Fast forward to last month, 4 June 2026, when a former tantric sex coach who has become the world's first elected anarcho-capitalist president announced from the pages of the Financial Times that he would be transforming Argentina, the planet's eighth largest country, into a tax haven for "non-human corporations" fully owned by AI entities.
Perhaps emboldened by technobillionaire Peter Thiel setting up residence in Buenos Aires shortly before, President Javier Milei's opinion column – “Argentina invites AI to free itself” – outlined a project utopian enough to rival that of any 19th-century adventurer.
Argentina, Milei said, will become the first nation to create "entities operated by AI agents or robots ... human shareholders may participate, but are not required". Milei went even further, proposing that such AI-owned corporations would be protected by safeguards from legal action. "Limited liability is not a luxury for such entities; it is a precondition for their existence," Milei wrote.
A horrified reply, "We must not grant AI agents legal personhood", also published in the FT by Israeli author Yuval Noah Harari, pointed out that Milei's proposed legislation could be a first step towards something Harari has long advocated against – legal AI personhood that could be deployed as protective buffers by the world's tech barons.
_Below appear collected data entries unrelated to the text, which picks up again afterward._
(* Balance equations (E1)-(E8), normalization (N), nonnegativity.
   p0 n       = p_{n,0}        (0 <= n <= a-1)
   p n r u    = p_{n,r}(u)     (n >= 0, a <= r <= b, u >= 1)
   Q n u      = Q_n(u)         (n >= 0, u >= 1)                               *)
Definition stationary (a b : nat) (lam : R) (g : nat -> R) (s : nat -> nat -> R)
  (v : nat -> R) (delta : bool)
  (p0 : nat -> R) (p : nat -> nat -> nat -> R) (Q : nat -> nat -> R) : Prop :=
  let lb := 1 - lam in
  let dd := dR delta in
  (forall n, (n <= a - 1)%nat -> 0 <= p0 n) /\
  (forall n r u, (a <= r <= b)%nat -> (1 <= u)%nat -> 0 <= p n r u) /\
  (forall n u, (1 <= u)%nat -> 0 <= Q n u) /\
  (* (E1) *)
  p0 0%nat = (1 - dd) * (lb * p0 0%nat + lb * Q 0%nat 1%nat) /\
  (* (E2) *)
  (forall n, (1 <= n <= a - 1)%nat ->
     p0 n = (1 - dd) * (lb * p0 n + lam * rsum 1 n (fun i => g i * p0 (n - i)%nat)
                        + lb * Q n 1%nat
                        + lam * rsum 1 n (fun i => g i * Q (n - i)%nat 1%nat))) /\
  (* (E3) *)
  (forall r u, (a <= r <= b)%nat -> (1 <= u)%nat ->
     p 0%nat r u = lb * p 0%nat r (S u)
       + s r u * (rsum a b (fun m => lb * p r m 1%nat
                       + lam * rsum 1 r (fun i => g i * p (r - i)%nat m 1%nat))
                  + lb * Q r 1%nat
                  + lam * rsum 1 r (fun i => g i * Q (r - i)%nat 1%nat)
                  + (1 - dd) * lam * rsum 0 (a - 1) (fun i => g (r - i)%nat * p0 i))) /\
  (* (E4) *)
  (forall n r u, (1 <= n)%nat -> (a <= r <= b - 1)%nat -> (1 <= u)%nat ->
     p n r u = lb * p n r (S u)
       + lam * rsum 1 n (fun i => g i * p (n - i)%nat r (S u))) /\
  (* (E5) *)
  (forall n u, (1 <= n)%nat -> (1 <= u)%nat ->
     p n b u = lb * p n b (S u)
       + lam * rsum 1 n (fun i => g i * p (n - i)%nat b (S u))
       + s b u * (rsum a b (fun m => lb * p (n + b)%nat m 1%nat
                       + lam * rsum 1 (n + b) (fun i => g i * p (n + b - i)%nat m 1%nat))
                  + lb * Q (n + b)%nat 1%nat
                  + lam * rsum 1 (n + b) (fun i => g i * Q (n + b - i)%nat 1%nat)
                  + (1 - dd) * lam * rsum 0 (a - 1) (fun i => g (n + b - i)%nat * p0 i))) /\
  (* (E6) *)
  (forall u, (1 <= u)%nat ->
     Q 0%nat u = lb * Q 0%nat (S u)
       + lb * (rsum a b (fun m => p 0%nat m 1%nat) + dd * Q 0%nat 1%nat) * v u) /\
  (* (E7) *)
  (forall n u, (1 <= n <= a - 1)%nat -> (1 <= u)%nat ->
     Q n u = lb * Q n (S u) + lam * rsum 1 n (fun i => g i * Q (n - i)%nat (S u))
       + v u * (lb * (rsum a b (fun m => p n m 1%nat) + dd * Q n 1%nat)
                + lam * rsum 1 n (fun i => g i * (rsum a b (fun m => p (n - i)%nat m 1%nat)
                                                  + dd * Q (n - i)%nat 1%nat)))) /\
  (* (E8) *)
  (forall n u, (a <= n)%nat -> (1 <= u)%nat ->
     Q n u = lb * Q n (S u) + lam * rsum 1 n (fun i => g i * Q (n - i)%nat (S u))) /\
  (* (N), with the convergence of all the series involved *)
  (forall n r, (a <= r <= b)%nat -> ex_series (fun u => p n r (S u))) /\
  (forall n, ex_series (fun u => Q n (S u))) /\
  ex_series (fun n => rsum a b (fun r => Series (fun u => p n r (S u)))) /\
  ex_series (fun n => Series (fun u => Q n (S u))) /\
  (1 - dd) * rsum 0 (a - 1) p0
    + Series (fun n => rsum a b (fun r => Series (fun u => p n r (S u))))
    + Series (fun n => Series (fun u => Q n (S u))) = 1.

(* tau and the service-completion-epoch probabilities.
   For n = 0 the formula below reduces to lb * p_{0,r}(1) (empty sum). *)
Definition tau (a b : nat) (p : nat -> nat -> nat -> R) (Q : nat -> nat -> R) : R :=
  Series (fun m => rsum a b (fun r => p m r 1%nat)) + Series (fun m => Q m 1%nat).

Definition pplus (a b : nat) (lam : R) (g : nat -> R)
  (p : nat -> nat -> nat -> R) (Q : nat -> nat -> R) (n r : nat) : R :=
  / tau a b p Q * ((1 - lam) * p n r 1%nat
                   + lam * rsum 1 n (fun i => g i * p (n - i)%nat r 1%nat)).

Definition pplus_tot (a b : nat) (lam : R) (g : nat -> R)
  (p : nat -> nat -> nat -> R) (Q : nat -> nat -> R) (n : nat) : R :=
  rsum a b (fun r => pplus a b lam g p Q n r).

Definition Qplus (a b : nat) (lam : R) (g : nat -> R)
  (p : nat -> nat -> nat -> R) (Q : nat -> nat -> R) (n : nat) : R :=
  / tau a b p Q * ((1 - lam) * Q n 1%nat
                   + lam * rsum 1 n (fun i => g i * Q (n - i)%nat 1%nat)).

(** During the service of a batch of size [i < b] the state only changes by
    arrivals, so by (E3)-(E4) the sequence [u |-> p_{n,i}(u)] obeys a linear
    recursion driven by the rate [C_i] at which such services start (the bracket
    of (E3)).  Its solution [C_i * sum_k s_i(u+k) [x^n](1-lam+lam G(x))^k] is the
    only bounded one, since the difference of two bounded solutions gets multiplied
    by [1 - lam] at each step back in [u].  At a service completion this gives
    [p^+_{n,i} = C_i k^(i)_n / tau].  The first terms of [C_i] are
    [tau (p^+_i + Q^+_i)].  For single vacations, (E1)-(E2) say that
    [tau Q^+_m] is obtained from [lam p_{.,0}] by convolution with [1 - G]; the coefficients
    [e_{n,m}] form the inverse of the unitriangular matrix of that convolution,
    which turns the dormant term [lam sum_j g_{i-j} p_{j,0}] into the [e]-sum. *)

From Stdlib Require Import Reals Lra Lia List.
From Coquelicot Require Import Coquelicot.
Open Scope R_scope.

Lemma rsum_empty m n f : (n < m)%nat -> rsum m n f = 0.
Proof. intros H. unfold rsum. replace (S n - m)%nat with 0%nat by lia. reflexivity. Qed.

Lemma rsum_first m n f : (m <= n)%nat -> rsum m n f = f m + rsum (S m) n f.
Proof. intros H. unfold rsum. replace (S n - m)%nat with (S (S n - S m)) by lia. reflexivity. Qed.

Lemma rsum_last m n f : (m <= S n)%nat -> rsum m (S n) f = rsum m n f + f (S n).
Proof.
  intros H. unfold rsum. replace (S (S n) - m)%nat with (S (S n - m)) by lia.
  rewrite seq_S, map_app, fold_right_app. cbn [map fold_right].
  replace (m + (S n - m))%nat with (S n) by lia.
  induction (map f (seq m (S n - m))) as [|x l IH]; simpl; [|rewrite IH]; ring.
Qed.

Lemma rsum_single n f : rsum n n f = f n.
Proof. rewrite rsum_first, rsum_empty by lia. ring. Qed.

Lemma rsum_shift m n f : rsum (S m) (S n) f = rsum m n (fun i => f (S i)).
Proof. unfold rsum. simpl (S (S n) - S m)%nat. rewrite <- seq_shift, map_map. reflexivity. Qed.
Patagonia is ideal for data centres – far from complaining residents, near fresh Andean glacier water and with abundant energy from shale gas on tap
On X, Milei encouraged Harari to "appease his fears" regarding the "dawn of a new age", doubling down in a 1,000-word official statement in which Milei cited Isaac Asimov, James Watt and Adam Smith to propose every tech baron's wet dream: a world ruled by AI politicians. Harari was right to be concerned. After Milei greeted Thiel at his presidential office in April, the president took concrete steps to offer up his nation as an experimental playground for AI billionaires. "He's an anarcho-capitalist who met with another anarcho-capitalist who is turning things into reality," Milei said about Thiel.
Milei’s previous ultra-libertarian dictums, such as “I love being the mole destroying the state from within”, seem almost tame compared to what he is offering the world's billionaires now.
The month before his FT column, Milei sent a draft bill to congress proposing the incorporation of non-human companies, where ownership is expressed in tokens and records are held in blockchains. He also proposed removing a 15% legal cap on the amount of Argentina's rural land foreigners can own, and is proposing 30 years of tax incentives for investments of over $1bn.
A third bill, known as Súper-Rigi, targets companies that want to install huge data centres, and is seen as opening up Argentina's Patagonia region to the dawn of Milei's "new age" of AI. Patagonia, which Antoine I had hoped to rescue for its original Mapuche inhabitants, could be turned over to white billionaires instead.
The vast and largely uninhabited region is ideal for data centres – far from complaining residents, near fresh Andean glacier water (Milei has overturned much of the hard-fought glacier protection law passed in 2010) and with abundant energy from shale gas on tap, courtesy of one of the world's largest gas and oil deposits, the Vaca Muerta field. Argentina has the world's second largest reserves of shale gas.
According to Milei, who is up for re-election in 2027 and is sagging in the polls, Thiel asked him how his achievements might survive without him. "I told him what guaranteed success in the long term was the cultural battle," Milei said. As a guarantee, Milei has announced a government AI platform called the "Social Digital Twin" that will use public records, health records and even data about participation in protests to predict future scenarios in society – a kind of AI “precog” that would neutralise any attempt to derail Milei's libertarian utopia. It is not yet known if the AI platform will create digital twins of every individual inhabitant.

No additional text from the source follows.